Edward Hopper au Grand Palais : l’étrangeté du monde

Comment le siècle est-il devenu hopperien ? Comment les plus grands films indépendants américains des vingt dernières années (Mulholland Drive, History of violence, No country for old men, Take shelter, etc.) et l’une des principales séries américaines (Mad men) ont-ils pris une résonance hopperienne ?

Le visiteur de l’exposition au Grand Palais est confronté à une peinture qui paraît d’autant plus neuve que le catalogue raisonné de l’oeuvre d’Edward Hopper (1882-1967) ne compte que 100 tableaux et que la plupart sont détenus dans des collections américaines. L’exposition rend Hopper à la peinture après qu’il ait été autant détourné comme l’un des très grands artistes existentialistes du vingtième siècle, si l’on regroupe dans cette catégorie ceux qui se sont attachés à décrire la solitude de l’homme confronté au silence de Dieu et à la violence des changements apportés par la société industrielle.

L’existentialisme a offert un catalogue d’horizons dans lesquelles chacun peut puiser : recueillement devant l’être de ce qui est (Heidegger), engagement (Sartre), révolte (Camus), féminisme (Beauvoir), frénésie érotique (Henry Miller), confusion des genres (Zweig), recueillement devant l’altérité (Levinas), héroïsme (Merleau-Ponty), pessimisme actif (Foucault), jouissance de lalangue (Lacan)…
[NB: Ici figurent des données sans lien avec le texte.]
Lemma Fequiv_swap a b : Fequiv (wcomm a b) [] -> Fequiv (b ++ a) (a ++ b).
Proof.
  intros trivial. apply rst_sym, (Fequiv_app_r (b ++ a)) in trivial.
  eapply rst_trans; [exact trivial |].
  replace (wcomm a b ++ b ++ a) with ((a ++ b ++ winv a) ++ winv b ++ b ++ a)
    by (unfold wcomm; rewrite <- !app_assoc; reflexivity).
  eapply rst_trans; [apply Fequiv_app_l, Fequiv_cancel |].
  replace ((a ++ b ++ winv a) ++ a) with ((a ++ b) ++ winv a ++ a ++ [])
    by (rewrite app_nil_r, <- !app_assoc; reflexivity).
  rewrite <- (app_nil_r (a ++ b)) at 2. apply Fequiv_app_l, Fequiv_cancel.
Qed.

Lemma relator1_trivial : Fequiv relator1 [].
Proof. apply rst_sym, rst_step. rewrite <- (app_nil_r relator1). exact (Fstep_rel1 [] []). Qed.

Lemma relator2_trivial : Fequiv relator2 [].
Proof. apply rst_sym, rst_step. rewrite <- (app_nil_r relator2). exact (Fstep_rel2 [] []). Qed.

Definition represents_F (f0 g0 f1 g1 : R -> R) : Prop :=
  forall w1 w2, Fequiv w1 w2 -> forall t, in_I t ->
    eval_word f0 g0 f1 g1 w1 t = eval_word f0 g0 f1 g1 w2 t.

Lemma eval_word_app f0 g0 f1 g1 w1 w2 t :
  eval_word f0 g0 f1 g1 (w1 ++ w2) t = eval_word f0 g0 f1 g1 w2 (eval_word f0 g0 f1 g1 w1 t).
Proof. unfold eval_word. apply fold_left_app. Qed.

Lemma order_iso_I_ext f g f' g' :
  (forall t, in_I t -> f t = f' t) -> (forall t, in_I t -> g t = g' t) ->
  order_iso_I f g -> order_iso_I f' g'.
Proof.
  intros Ef Eg [fm gm fg gf lt]. split; intros.
  - rewrite <- Ef; auto.
  - rewrite <- Eg; auto.
  - rewrite <- Eg, <- Ef; auto.
  - rewrite <- Ef, <- Eg; auto.
  - rewrite <- !Ef; auto.
Qed.

Lemma eval_word_order_iso f0 g0 f1 g1 w :
  order_iso_I f0 g0 -> order_iso_I f1 g1 ->
  order_iso_I (eval_word f0 g0 f1 g1 w) (eval_word f0 g0 f1 g1 (winv w)).
Proof.
  intros iso0 iso1.
  induction w as [| l w IH]; [split; unfold eval_word; simpl; auto |].
  assert (isol : order_iso_I (eval_letter f0 g0 f1 g1 l) (eval_letter f0 g0 f1 g1 (linv l))).
  { destruct l as [[|] [|]]; simpl; auto using order_iso_I_sym. }
  apply (order_iso_I_ext _ _ _ _ (fun t _ => eq_refl)
           (fun t _ => eq_sym (eval_word_app f0 g0 f1 g1 (winv w) [linv l] t))).
  exact (order_iso_I_comp _ _ _ _ isol IH).
Qed.

Lemma eval_word_mirror f0 g0 f1 g1 w t :
  eval_word (mirror f0) (mirror g0) (mirror f1) (mirror g1) w t = mirror (eval_word f0 g0 f1 g1 w) t.
Proof.
  revert t. induction w as [| l w IH]; intros t.
  - unfold eval_word, mirror. simpl. ring.
  - change (eval_word (mirror f0) (mirror g0) (mirror f1) (mirror g1) w
              (eval_letter (mirror f0) (mirror g0) (mirror f1) (mirror g1) l t)
            = mirror (eval_word f0 g0 f1 g1 (l :: w)) t).
    rewrite IH. unfold mirror at 1.
    change (mirror (eval_word f0 g0 f1 g1 (l :: w)) t)
      with (1 - eval_word f0 g0 f1 g1 w (eval_letter f0 g0 f1 g1 l (1 - t))).
    do 2 f_equal. destruct l as [[|] [|]]; unfold mirror; simpl; ring.
Qed.

Lemma represents_F_mirror f0 g0 f1 g1 :
  represents_F f0 g0 f1 g1 -> represents_F (mirror f0) (mirror g0) (mirror f1) (mirror g1).
Proof.
  intros rep w1 w2 E t It. rewrite !eval_word_mirror. unfold mirror.
  rewrite (rep w1 w2 E); auto.
Qed.

Lemma fixed_before_first_orbital f g a c b1 d1 :
  homeo_I f g -> in_I a -> f a = a -> orbital f b1 d1 -> a <= b1 -> d1 <= c ->
  (forall b d, orbital f b d -> a <= b -> d <= c -> b1 <= b) ->
  forall x, a <= x <= b1 -> f x = x.
Proof.
  intros homeo Ia fa (_ & b1d1 & d1_1 & fb1 & _ & _) ab1 d1c first x Hx.
  destruct (Req_dec x a) as [-> | xa]; [exact fa |].
  destruct (Req_dec x b1) as [-> | xb1]; [exact fb1 |].
  destruct (Req_dec (f x) x) as [fx | fx]; [exact fx | exfalso].
  destruct (orbital_around f g x homeo) as [b [d [orb bxd]]]; [unfold in_I in *; lra | exact fx |].
  pose proof orb as (_ & _ & _ & _ & _ & moves).
  assert (d <= b1) by (destruct (Rle_or_lt d b1); [assumption | exfalso; apply (moves b1); [lra | exact fb1]]).
  assert (a <= b) by (destruct (Rle_or_lt a b); [assumption | exfalso; apply (moves a); [lra | exact fa]]).
  pose proof (first b d orb ltac:(lra) ltac:(lra)). lra.
Qed.

Definition wh : word := X0 ++ X1i.
Definition wk : word := wconj X1 X0.
Definition wk2 : word := wconj X1 (X0 ++ X0).

Lemma Fequiv_wk_wh : Fequiv (wk ++ wh) (wh ++ wk).
Proof. exact (Fequiv_swap wh wk relator1_trivial). Qed.

Lemma Fequiv_wk2_wh : Fequiv (wk2 ++ wh) (wh ++ wk2).
Proof. exact (Fequiv_swap wh wk2 relator2_trivial). Qed.

Section UpBump.

Variables f0 g0 f1 g1 : R -> R.
Hypotheses (homeo0 : homeo_I f0 g0) (homeo1 : homeo_I f1 g1) (rep : represents_F f0 g0 f1 g1).

Local Notation ev := (eval_word f0 g0 f1 g1).

Let iso0 : order_iso_I f0 g0 := homeo_iso homeo0.
Let iso1 : order_iso_I f1 g1 := homeo_iso homeo1.
Let iso0' : order_iso_I g0 f0 := order_iso_I_sym f0 g0 iso0.
Let iso1' : order_iso_I g1 f1 := order_iso_I_sym f1 g1 iso1.
Let iso_ev w : order_iso_I (ev w) (ev (winv w)) := eval_word_order_iso f0 g0 f1 g1 w iso0 iso1.

Lemma commute_wh w : Fequiv (w ++ wh) (wh ++ w) -> commute_on_I (ev wh) (ev w).
Proof.
  intros E t It. rewrite <- !eval_word_app. symmetry. exact (rep _ _ E t It).
Qed.

Lemma ev_wh_fix s : in_I s -> ev wh s = s <-> f0 s = f1 s.
Proof.
  intros Is. change (ev wh s) with (g1 (f0 s)). split; intros E.
  - rewrite <- E at 2. symmetry. exact (iso_fg iso1 _ (iso_maps iso0 s Is)).
  - rewrite E. exact (iso_gf iso1 s Is).
Qed.

Lemma ev_conj_fix w y : in_I y ->
  ev (wconj X1 w) y = y <-> f1 (ev (winv w) y) = ev (winv w) y.
Proof.
  intros Iy. unfold wconj. rewrite !eval_word_app. change (ev X1) with f1.
  pose proof (iso_ev w) as isow. assert (Iz : in_I (ev (winv w) y)) by eauto.
  split; intros E.
  - rewrite <- E at 2. symmetry. exact (iso_gf isow _ (iso_maps iso1 _ Iz)).
  - rewrite E. exact (iso_fg isow y Iy).
Qed.

Variables a c r : R.
Hypotheses (up : up_bump f0 a c) (r_between : a < r < c) (r_eq : f0 r = f1 r)
  (r_min : forall s, a < s < c -> f0 s = f1 s -> r <= s).
(* Let $\gamma\in\Phi_l$, $x\in\mathfrak g_s$ and $\lambda\in\bar{\mathbb F}_2$. Then the element $x+\lambda X_\gamma\in\mathfrak g$ (under the adjoint action) and the element $x+\lambda v_\gamma\in V$ have the same stabilizer in $G$, where $x$ is regarded as an element of $V$ via $\mathfrak g_s\subset V$.
   Context: Let $G=F_4(\bar{\mathbb F}_2)$, $\Phi=\Phi_s\sqcup\Phi_l$ its roots (short/long), and fix a Chevalley basis $\{X_\alpha,H_{\alpha_i}\}$ of the adjoint representation $\mathfrak g$. Let $\mathfrak g_s\subset\mathfrak g$ be the $G$-stable span of $H_{\alpha_3},H_{\alpha_4}$ ($\alpha_3,\alpha_4$ the short simple roots) and $X_\alpha$, $\alpha\in\Phi_s$; $V:=\mathfrak g_s\oplus\mathfrak g/\mathfrak g_s$, and $v_\gamma\in V_\gamma\cong\mathfrak g_\gamma$ is the element corresponding to $X_\gamma$ (for $\gamma$ long, $v_\gamma$ is the image of $X_\gamma$ in $\mathfrak g/\mathfrak g_s$). *)

(* The adjoint Chevalley group F_4(k) over k = \bar F_2, realized
   concretely as 52x52 matrices acting on the Chevalley basis of g = Lie(F_4). *)
From HB Require Import structures.
From mathcomp Require Import all_boot all_order all_algebra.
Set Implicit Arguments. Unset Strict Implicit. Unset Printing Implicit Defensive.
Import Order.TTheory GRing.Theory Num.Theory.
Local Open Scope ring_scope.

(** * Root system of F_4 (Bourbaki numbering: alpha_1, alpha_2 long, alpha_3, alpha_4 short).
    Roots are coordinate vectors (length 4) w.r.t. the simple roots. *)

Definition vadd (a b : seq int) : seq int := [seq x.1 + x.2 | x <- zip a b].
Definition vscale (c : int) (a : seq int) : seq int := [seq c * x | x <- a].
Definition vsub (a b : seq int) : seq int := vadd a (vscale (-1) b).

(* twice the W-invariant form: (a_i,a_i) = 2 for long, 1 for short simple roots *)
Definition Bmat : seq (seq int) :=
  [:: [:: 4; -2; 0; 0]; [:: -2; 4; -2; 0]; [:: 0; -2; 2; -1]; [:: 0; 0; -1; 2]].
Definition Bf (a b : seq int) : int :=
  foldr +%R 0 [seq a`_i * (nth [::] Bmat i)`_j * b`_j | i <- iota 0 4, j <- iota 0 4].

Definition simpleRoot (m : nat) : seq int := [seq (i == m)%:Z | i <- iota 0 4].

Definition posShort : seq (seq int) :=
  [:: [:: 0; 0; 0; 1]; [:: 0; 0; 1; 0]; [:: 0; 0; 1; 1]; [:: 0; 1; 1; 0];
      [:: 0; 1; 1; 1]; [:: 1; 1; 1; 0]; [:: 0; 1; 2; 1]; [:: 1; 1; 1; 1];
      [:: 1; 1; 2; 1]; [:: 1; 2; 2; 1]; [:: 1; 2; 3; 1]; [:: 1; 2; 3; 2]].
Definition posLong : seq (seq int) :=
  [:: [:: 0; 1; 0; 0]; [:: 1; 0; 0; 0]; [:: 1; 1; 0; 0]; [:: 0; 1; 2; 0];
      [:: 1; 1; 2; 0]; [:: 0; 1; 2; 2]; [:: 1; 2; 2; 0]; [:: 1; 1; 2; 2];
      [:: 1; 2; 2; 2]; [:: 1; 2; 4; 2]; [:: 1; 3; 4; 2]; [:: 2; 3; 4; 2]].
(* In the fermionic setting described in the context, if $g\in\mathrm{SO}_*(V)$ then the Gaussian vector $f_{T_g}\in\mathcal F(V)$ satisfies $$a_{gJg^{-1}}(gv)\,f_{T_g}=0\quad\text{for all }v\in V,$$ where $a_{gJg^{-1}}(gv)=\tfrac12\bigl(\psi(gv)+i\,\psi(gJv)\bigr)$.
   Context: Let $V$ be a real vector space of dimension $2m$ with a positive definite symmetric bilinear form $d$ and a real-linear $J$ with $J^2=-1$ and $d(Ju,Jv)=d(u,v)$. Put $s(u,v):=d(Ju,v)$; make $V$ a complex vector space by $(a+bi)v:=av+bJv$ with Hermitian inner product $\langle u|v\rangle:=d(u,v)+is(u,v)$ (antilinear in $u$). $A^t$ is the $d$-transpose. For $g\in\mathrm{SO}(V)$ let $p_g:=\tfrac12(g-JgJ)$, $q_g:=\tfrac12(g+JgJ)$; $\mathrm{SO}_*(V)$ is the set of $g\in\mathrm{SO}(V)$ with $p_g$ invertible, and for such $g$, $T_g:=q_gp_g^{-1}$ (antilinear and $d$-skew-symmetric). The fermionic Fock space $\mathcal F(V)$ is the exterior algebra $\Lambda(V)$ of the complex space $V$ with inner product $\langle u_1\wedge\dots\wedge u_k|v_1\wedge\dots\wedge v_l\rangle=\delta_{kl}\det[\langle u_i|v_j\rangle]$ and unit vacuum $\Omega\in\Lambda^0$. Creation: $a^\dagger(v)\xi:=v\wedge\xi$; annihilation: $a(v)(v_1\wedge\dots\wedge v_k):=\sum_j(-1)^{j-1}\langle v|v_j\rangle v_1\wedge\dots\widehat{v_j}\dots\wedge v_k$, $a(v)\Omega=0$; field $\psi(v):=a^\dagger(v)+a(v)$. For a complex structure $K$ on $V$, $a_K(w):=\tfrac12(\psi(w)+i\psi(Kw))$. For an antilinear $d$-skew-symmetric $T$ and an orthonormal basis $e_1,\dots,e_m$ of $V$, $H_T:=\sum_{i,j}\langle e_i|Te_j\rangle e_i\wedge e_j$ and the Gaussian is $f_T:=\sum_{0\le 2r\le m}\frac{1}{2^rr!}H_T^{\wedge r}$ (independent of the basis). *)

From HB Require Import structures.
From mathcomp Require Import all_boot all_order all_algebra.
From mathcomp Require Import reals complex.
Set Implicit Arguments. Unset Strict Implicit. Unset Printing Implicit Defensive.
Import Order.TTheory GRing.Theory Num.Theory.
Local Open Scope ring_scope.
Local Open Scope complex_scope.

(* The real vector space V of dimension 2m is modelled as 'cV[R]_(2m)
   (column vectors); real-linear maps on V are (2m x 2m) real matrices acting
   on the left.  d is given by a matrix D: d(u,v) = u^T D v. *)
Section Fermion.
Variables (R : realType) (m : nat).
Notation V := 'cV[R]_(m + m).
Notation C := (R[i]).

Definition dform (D : 'M[R]_(m + m)) (u v : V) : R := (u^T *m D *m v) 0 0.

Definition pos_def_sym (D : 'M[R]_(m + m)) : Prop :=
  D^T = D /\ forall v : V, v != 0 -> 0 < dform D v v.

Definition compl_struct (D J : 'M[R]_(m + m)) : Prop :=
  J *m J = - 1%:M /\ forall u v : V, dform D (J *m u) (J *m v) = dform D u v.

Definition sform (D J : 'M[R]_(m + m)) (u v : V) : R := dform D (J *m u) v.
Definition herm (D J : 'M[R]_(m + m)) (u v : V) : C :=
  (dform D u v)%:C + 'i * (sform D J u v)%:C.

Definition in_SO (D g : 'M[R]_(m + m)) : Prop :=
  (forall u v : V, dform D (g *m u) (g *m v) = dform D u v) /\ \det g = 1.

Definition p_of (J g : 'M[R]_(m + m)) : 'M[R]_(m + m) := 2%:R^-1 *: (g - J *m g *m J).
Definition q_of (J g : 'M[R]_(m + m)) : 'M[R]_(m + m) := 2%:R^-1 *: (g + J *m g *m J).
Definition in_SOstar (D J g : 'M[R]_(m + m)) : Prop :=
  in_SO D g /\ p_of J g \in unitmx.
Definition T_of (J g : 'M[R]_(m + m)) : 'M[R]_(m + m) := q_of J g *m invmx (p_of J g).

Definition fk_orthonormal (D J : 'M[R]_(m + m)) (e : 'I_m -> V) : Prop :=
  forall i j, herm D J (e i) (e j) = (i == j)%:R.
Hopper, admirateur francophile de la peinture de Vallotton et de Degas, nous ramène aux sources de ce mouvement, à l’étonnement devant la puissance de la lumière platonicienne (l’ouvrage ouvert dans Excursion into philosophy pouvant êtreLa républiquedans lequel Platon livre l’allégorie de la caverne, invitant chaque individu à se délivrer des illusions pour affronter le soleil des idées) et la capacité de l’art à retenir un instant le mouvement du monde afin de lever le voile sur ce que nous ne voulons pas voir.

La francophilie du peintre (admirateur de Rimbaud qui lui donne le titre de son tableau Soir bleu d’après le poème Sensation, Vallotton, Degas, etc.) lui a permis de décadrer son regard sur les détails insolites qui étaient susceptibles de retenir l’attention d’un artiste américain du début du XXe siècle, ouvrant la voie à tous les artistes existentialistes américains, particulièrement Hitchcock qui s’inspire de l’inquiétante étrangeté de l’un de ses tableaux de maison pour construire le motel de Norman Bates dans Psychose, et un nombre considérable de cinéastes et photographes contemporains.

L’importance du peintre se mesure par sa maîtrise des couleurs et la force des angles de ses tableaux, le choix d’une dramaturgie en suspens dans laquelle les hommes sont souvent affairés (business, lecture des informations, cigarette…) et les femmes en attente (de conversation amoureuse, de satisfaction spirituelle ou matérielle…). La représentation de la solitude devient un peu mécanique à la fin de sa vie, mais le parcours exceptionnel présenté par le Grand Palais impose la puissance de l’imaginaire le plus influent de l’art américain du XXe siècle avec Andy Warhol.